Find the Kaggle Kernel of this notebook [here](https://www.kaggle.com/spsayakpaul/train-bit-keras-tuner).

This notebook runs hyperparameter-tuning on a teacher model (based on [BiT ResNet101x3](https://arxiv.org/abs/1912.11370)) to further train a student using function matching (proposed in [Knowledge distillation: A good teacher is patient and consistent](https://arxiv.org/abs/2106.05237)). You can find the distillation notebook [here](https://www.kaggle.com/spsayakpaul/funmatch-distillation). To run this notebook you would need to have a billing enabled GCP account to use a GCS Bucket.

## Setup

In [1]:
from kaggle_secrets import UserSecretsClient
user_secrets = UserSecretsClient()
user_credential = user_secrets.get_gcloud_credential()
user_secrets.set_tensorflow_credential(user_credential)

In [2]:
!pip install keras-tuner -q --user



In [3]:
import tensorflow_hub as hub
import keras_tuner as kt
import tensorflow as tf

from pprint import pprint
import matplotlib.pyplot as plt
import numpy as np
import re

# This needs to be done in order for the Hub module to communicate.
import os
os.environ["TFHUB_CACHE_DIR"] = "gs://funmatch-tf/model-cache-dir"

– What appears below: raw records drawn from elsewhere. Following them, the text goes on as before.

Lemma lifts_add m u v U V u' v' U' V' :
  lifts m u v U V -> lifts m u' v' U' V' -> lifts m (u + u') (v + v') (U + U') (V + V').
Proof.
move=> [hQ hR] [hQ' hR']; split.
  by rewrite !mulrDr addrACA linearD /= hQ hQ' addrACA.
by rewrite addrACA linearD /= hR hR' addrACA.
Qed.

Lemma lifts_scale m c u v U V :
  lifts m u v U V -> lifts m (c *: u) (c *: v) (c *: U) (c *: V).
Proof.
by move=> [hQ hR]; split; rewrite -?scalerAr -scalerDr linearZ /= ?hQ ?hR scalerDr ?scalerAr.
Qed.

Lemma lifts_gbasis m k : (2 * k <= m)%N ->
  lifts m (gbasis m k) 0 ((2 * ((2 * m + 1)%:R - k%:R)) *: gbasis m.+1 k)
                        ((1 + 4 * k%:R) *: gbasis m k).
Proof.
move=> lekm; rewrite /lifts /gbasis mulr0 !addr0 subSn // !eop_monomial natrB //.
rewrite -!mul_polyC !exprS !polyCD !polyCM !polyCN !polyC_natr.
by split; ring.
Qed.

Lemma lifts_gbasis_pred m k : (2 * k < m)%N ->
  lifts m 0 (gbasis (m - 1) k) ((- (4 * k%:R + 3)) *: gbasis m.+1 k.+1)
                               ((4 * m%:R + 2 * k%:R + 3) *: gbasis m k).
Proof.
move=> ltkm; rewrite /lifts /gbasis !add0r mulrA -exprS !eop_monomial.
rewrite (_ : (m.+1 - 2 * k.+1 = m - 1 - 2 * k)%N); last lia.
rewrite (_ : (m - 2 * k = (m - 1 - 2 * k).+1)%N); last lia.
have -> : (m - 1 - 2 * k)%:R = m%:R - 1 - 2 * k%:R :> rat.
  by rewrite !natrB ?natrM //; lia.
rewrite -!mul_polyC !exprS !polyCD !polyCM !polyCN !polyCB !polyC_natr.
by split; ring.
Qed.

Lemma lifts_term m k (a b : rat) : ((m < 2 * k)%N -> a = 0) -> ((m <= 2 * k)%N -> b = 0) ->
  lifts m (a *: gbasis m k) (b *: gbasis (m - 1) k)
    ((a * (2 * ((2 * m + 1)%:R - k%:R))) *: gbasis m.+1 k
       + (b * - (4 * k%:R + 3)) *: gbasis m.+1 k.+1)
    ((a * (1 + 4 * k%:R) + b * (4 * m%:R + 2 * k%:R + 3)) *: gbasis m k).
Proof.
have lifts0 : lifts m 0 0 0 0 by split; rewrite ?mulr0 ?addr0 linear0.
move=> a0 b0; rewrite scalerDl -[a *: gbasis m k]addr0 -[b *: gbasis (m - 1) k]add0r.
apply: lifts_add.
- case: (leqP (2 * k) m) => h; last by rewrite a0 // !(mul0r, scale0r); exact: lifts0.
  by have := lifts_scale a (lifts_gbasis h); rewrite scaler0 !scalerA.
- case: (ltnP (2 * k) m) => h; last by rewrite b0 // !(mul0r, scale0r); exact: lifts0.
  by have := lifts_scale b (lifts_gbasis_pred h); rewrite scaler0 !scalerA.
Qed.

`gs://funmatch-tf` is the GCS Bucket I created beforehand. To proceed, you'd need to create a GCS Bucket with a universally unique name and replace `funmatch-tf` with it. 

In [4]:
try: # Cetect TPUs
    tpu = None
    tpu = tf.distribute.cluster_resolver.TPUClusterResolver() # TPU detection
    tf.config.experimental_connect_to_cluster(tpu)
    tf.tpu.experimental.initialize_tpu_system(tpu)
    strategy = tf.distribute.TPUStrategy(tpu)
except ValueError: # Detect GPUs
    strategy = tf.distribute.MirroredStrategy() 

print("Number of accelerators: ", strategy.num_replicas_in_sync)

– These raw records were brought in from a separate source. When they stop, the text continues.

Lemma sum_xvec_incident u : \sum_l z0 0 l * (u \in E l)%:R = xv x u.
Proof.
rewrite /xv; under [RHS]eq_bigr => w _ do rewrite -zarr_z0 zarrE.
rewrite exchange_big /=; apply: eq_bigr => l _; rewrite -mulr_suml mulrC.
by have [i [j [_ El]]] := edge_setP l; rewrite El sum_eq_set2 -?El // (edge_set_neq adj_irr El).
Qed.

Lemma Jac_off_support k l : z0 0 k = 0 -> k != l -> Jac a p z0 k l = 0.
Proof.
have [i [j [_ Ek]]] := edge_setP k; rewrite (xvec_edge adj_irr xC Ek) => x0 kl.
by rewrite (Jac_edge l Ek) x0 mul0r add0r (negbTE kl) mulr0.
Qed.

Section AtEquilibrium.
Hypothesis weight_gt0 : forall i j, 0 < x i j -> 0 < c i j.
Hypothesis ys_eq : forall i j, 0 < x i j -> ys a p z0 i j = Hs a p z0.

Lemma xv_gt0_of_edge k i j : 0 < z0 0 k -> E k = [set i; j] -> 0 < xv x i /\ 0 < xv x j.
Proof.
move=> z_gt0 Ek; have x_gt0 : 0 < x i j by rewrite -(xvec_edge adj_irr xC Ek).
split; first exact: xv_gt0 (weight_gt0 x_gt0).
by apply: (xv_gt0 (j := i)); rewrite aC pC weight_gt0.
Qed.

Lemma sum_xvec_overlap k : 0 < z0 0 k -> \sum_l z0 0 l * overlap k l = 2.
Proof.
have [i [j [_ Ek]]] := edge_setP k => /xv_gt0_of_edge /(_ Ek) [Xi Xj].
under eq_bigr do rewrite (overlap_edge _ Ek) mulrDr !mulrA.
by rewrite big_split -!mulr_suml /= !sum_xvec_incident !divff ?gt_eqF.
Qed.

Number of accelerators:  8


## Constants and hyperparameters

In [5]:
BATCH_SIZE = 64 * strategy.num_replicas_in_sync
BIGGER = 160
RESIZE = 128
CENTRAL_FRAC = 0.875
AUTO = tf.data.AUTOTUNE

SCHEDULE_LENGTH = 500
SCHEDULE_BOUNDARIES = [200, 300, 400]
SCHEDULE_LENGTH = (SCHEDULE_LENGTH * 512 / BATCH_SIZE) 

## Data loading and input preprocessing

To know how these TFRecords were created refer to [this notebook](https://colab.research.google.com/github/sayakpaul/FunMatch-Distillation/blob/main/tfrecords_pets37.ipynb). **Be sure to update the GCS paths.** 

In [6]:
# This comes from this repository https://github.com/GoogleCloudPlatform/training-data-analyst.
def count_data_items(filenames):
    n = [int(re.compile(r"-([0-9]*)\.").search(filename).group(1)) for filename in filenames]
    return np.sum(n)

train_pattern = "gs://funmatch-tf/train/*.tfrec"
train_filenames = tf.io.gfile.glob(train_pattern)
val_pattern = "gs://funmatch-tf/validation/*.tfrec"
val_filenames = tf.io.gfile.glob(val_pattern)
test_pattern = "gs://funmatch-tf/test/*.tfrec"
test_filenames = tf.io.gfile.glob(test_pattern)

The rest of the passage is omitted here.